## REQUIRED WORK
Reproduce the complete listing without any deviation.

## RECORDS FOR PROCESSING
Lemma P_mass s : \sum_z P s z = 1.
Proof.
exact: (seq_law_mass (c, false) (adapted_via_adapted (observed_kernel_adapted s))
  (observed_kernel_normalized s)).
Qed.

Lemma expect_lin s u a b f g :
  \sum_z P s z * (u + a * f z + b * g z) = u + a * expect s f + b * expect s g.
Proof.
transitivity (\sum_z (u * P s z + a * (P s z * f z) + b * (P s z * g z))).
  by apply: eq_bigr => z _; ring.
by rewrite !big_split /= -mulr_sumr P_mass mulr1 -!mulr_sumr.
Qed.

Definition lr (x : V * bool) : R := if E x.1 c then coin (-1) x.2 / coin 1 x.2 else 1.
Definition llr z : R := \sum_t ln (lr (z t)).
Definition llr_step : R := ln (coin (-1) true / coin 1 true).

Lemma coin1_gt0 b : 0 < coin 1 b.
Proof. by apply: coin_gt0; rewrite normr1. Qed.

Lemma coinN1_gt0 b : 0 < coin (-1) b.
Proof. by apply: coin_gt0; rewrite normrN1. Qed.

Lemma lr_gt0 x : 0 < lr x.
Proof. by rewrite /lr; case: ifP => // _; rewrite divr_gt0 ?coin1_gt0 ?coinN1_gt0. Qed.

Lemma law_ratio z : P (-1) z = P 1 z * \prod_t lr (z t).
Proof.
rewrite /seq_law -big_split; apply: eq_bigr => t _ /=.
rewrite /observed_kernel /lr; case: ifP => _; last by rewrite mulr1.
by rewrite -mulrA [coin 1 _ * _]mulrC divfK ?gt_eqF ?coin1_gt0.
Qed.

Lemma llr_step_neg : ln (coin (-1) false / coin 1 false) = - llr_step.
Proof.
have -> : coin (-1) false / coin 1 false = (coin (-1) true / coin 1 true)^-1.
  by rewrite invf_div /coin; congr (_ / _); ring.
by rewrite lnV // posrE divr_gt0 ?coin1_gt0 ?coinN1_gt0.
Qed.

Lemma expect_llr s :
  expect s llr = (coin s true - coin s false) * llr_step * expect s count_obs.
Proof.
set k := (coin s true - coin s false) * llr_step.
transitivity (\sum_t \sum_z P s z * ln (lr (z t))).
  by rewrite exchange_big; apply: eq_bigr => z _; rewrite /llr big_distrr.
transitivity (\sum_t \sum_z P s z * (k * (E (z t).1 c)%:R)); last first.
  rewrite exchange_big mulr_sumr; apply: eq_bigr => z _.
  by rewrite mulrCA /count_obs !big_distrr.
apply: eq_bigr => t _.
apply: (seq_law_round_eq (c, false) (adapted_via_adapted (observed_kernel_adapted s))
  (observed_kernel_normalized s) (psi1 := fun x => ln (lr x))
  (psi2 := fun x => k * (E x.1 c)%:R)) => z.
rewrite !sum_pair; apply: eq_bigr => v _; rewrite /observed_kernel /lr /k /=.
by case: (E v c); rewrite /= ?ln1 ?llr_step_neg -/llr_step -!mulrA -!mulrDr ?coin_mix; ring.
Qed.

Lemma llr_step_ge0 : 0 <= llr_step.
Proof.
rewrite /llr_step ln_ge0 // ler_pdivlMr ?coin1_gt0 // mul1r /coin.
by have := eps_gt0; lra.
Qed.

Lemma llr_step_le : llr_step <= 4 * eps / (1 - 2 * eps).
Proof.
have -> : 4 * eps / (1 - 2 * eps) = coin (-1) true / coin 1 true - 1.
  by rewrite /coin; field; apply: lt0r_neq0; have := eps_lt; lra.
exact/ln_le_subr1/divr_gt0/coin1_gt0/coinN1_gt0.
Qed.

Lemma tv_le_llr lam : 0 < lam ->
  \sum_z `|P (-1) z - P 1 z| <= lam + (expect (-1) llr - expect 1 llr) / (2 * lam).
Proof.
move=> lam0.
have pointwise z : `|P (-1) z - P 1 z| <=
    (lam * (P (-1) z + P 1 z) + (P (-1) z - P 1 z) * llr z / lam) / 2.
  rewrite law_ratio /llr -ln_prod => [|t]; last exact: lr_gt0.
  apply: abs_sub_le_ln lam0; first by rewrite P_ge0 ?normr1.
  by apply: prodr_gt0 => t _; exact: lr_gt0.
apply: le_trans (ler_sum _ (fun z _ => pointwise z)) _.
rewrite -mulr_suml big_split /= -mulr_sumr -mulr_suml big_split /= !P_mass.
under eq_bigr do rewrite mulrBl.
by rewrite sumrB le_eqVlt; apply/orP; left; apply/eqP; field; exact: lt0r_neq0.
Qed.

## ANSWER TO THIS PROBLEM
Lemma P_mass s : \sum_z P s z = 1.
Proof.
exact: (seq_law_mass (c, false) (adapted_via_adapted (observed_kernel_adapted s))
  (observed_kernel_normalized s)).
Qed.

Lemma expect_lin s u a b f g :
  \sum_z P s z * (u + a * f z + b * g z) = u + a * expect s f + b * expect s g.
Proof.
transitivity (\sum_z (u * P s z + a * (P s z * f z) + b * (P s z * g z))).
  by apply: eq_bigr => z _; ring.
by rewrite !big_split /= -mulr_sumr P_mass mulr1 -!mulr_sumr.
Qed.

Definition lr (x : V * bool) : R := if E x.1 c then coin (-1) x.2 / coin 1 x.2 else 1.
Definition llr z : R := \sum_t ln (lr (z t)).
Definition llr_step : R := ln (coin (-1) true / coin 1 true).

Lemma coin1_gt0 b : 0 < coin 1 b.
Proof. by apply: coin_gt0; rewrite normr1. Qed.

Lemma coinN1_gt0 b : 0 < coin (-1) b.
Proof. by apply: coin_gt0; rewrite normrN1. Qed.

Lemma lr_gt0 x : 0 < lr x.
Proof. by rewrite /lr; case: ifP => // _; rewrite divr_gt0 ?coin1_gt0 ?coinN1_gt0. Qed.

Lemma law_ratio z : P (-1) z = P 1 z * \prod_t lr (z t).
Proof.
rewrite /seq_law -big_split; apply: eq_bigr => t _ /=.
rewrite /observed_kernel /lr; case: ifP => _; last by rewrite mulr1.
by rewrite -mulrA [coin 1 _ * _]mulrC divfK ?gt_eqF ?coin1_gt0.
Qed.

Lemma llr_step_neg : ln (coin (-1) false / coin 1 false) = - llr_step.
Proof.
have -> : coin (-1) false / coin 1 false = (coin (-1) true / coin 1 true)^-1.
  by rewrite invf_div /coin; congr (_ / _); ring.
by rewrite lnV // posrE divr_gt0 ?coin1_gt0 ?coinN1_gt0.
Qed.

Lemma expect_llr s :
  expect s llr = (coin s true - coin s false) * llr_step * expect s count_obs.
Proof.
set k := (coin s true - coin s false) * llr_step.
transitivity (\sum_t \sum_z P s z * ln (lr (z t))).
  by rewrite exchange_big; apply: eq_bigr => z _; rewrite /llr big_distrr.
transitivity (\sum_t \sum_z P s z * (k * (E (z t).1 c)%:R)); last first.
  rewrite exchange_big mulr_sumr; apply: eq_bigr => z _.
  by rewrite mulrCA /count_obs !big_distrr.
apply: eq_bigr => t _.
apply: (seq_law_round_eq (c, false) (adapted_via_adapted (observed_kernel_adapted s))
  (observed_kernel_normalized s) (psi1 := fun x => ln (lr x))
  (psi2 := fun x => k * (E x.1 c)%:R)) => z.
rewrite !sum_pair; apply: eq_bigr => v _; rewrite /observed_kernel /lr /k /=.
by case: (E v c); rewrite /= ?ln1 ?llr_step_neg -/llr_step -!mulrA -!mulrDr ?coin_mix; ring.
Qed.

Lemma llr_step_ge0 : 0 <= llr_step.
Proof.
rewrite /llr_step ln_ge0 // ler_pdivlMr ?coin1_gt0 // mul1r /coin.
by have := eps_gt0; lra.
Qed.

Lemma llr_step_le : llr_step <= 4 * eps / (1 - 2 * eps).
Proof.
have -> : 4 * eps / (1 - 2 * eps) = coin (-1) true / coin 1 true - 1.
  by rewrite /coin; field; apply: lt0r_neq0; have := eps_lt; lra.
exact/ln_le_subr1/divr_gt0/coin1_gt0/coinN1_gt0.
Qed.

Lemma tv_le_llr lam : 0 < lam ->
  \sum_z `|P (-1) z - P 1 z| <= lam + (expect (-1) llr - expect 1 llr) / (2 * lam).
Proof.
move=> lam0.
have pointwise z : `|P (-1) z - P 1 z| <=
    (lam * (P (-1) z + P 1 z) + (P (-1) z - P 1 z) * llr z / lam) / 2.
  rewrite law_ratio /llr -ln_prod => [|t]; last exact: lr_gt0.
  apply: abs_sub_le_ln lam0; first by rewrite P_ge0 ?normr1.
  by apply: prodr_gt0 => t _; exact: lr_gt0.
apply: le_trans (ler_sum _ (fun z _ => pointwise z)) _.
rewrite -mulr_suml big_split /= -mulr_sumr -mulr_suml big_split /= !P_mass.
under eq_bigr do rewrite mulrBl.
by rewrite sumrB le_eqVlt; apply/orP; left; apply/eqP; field; exact: lt0r_neq0.
Qed.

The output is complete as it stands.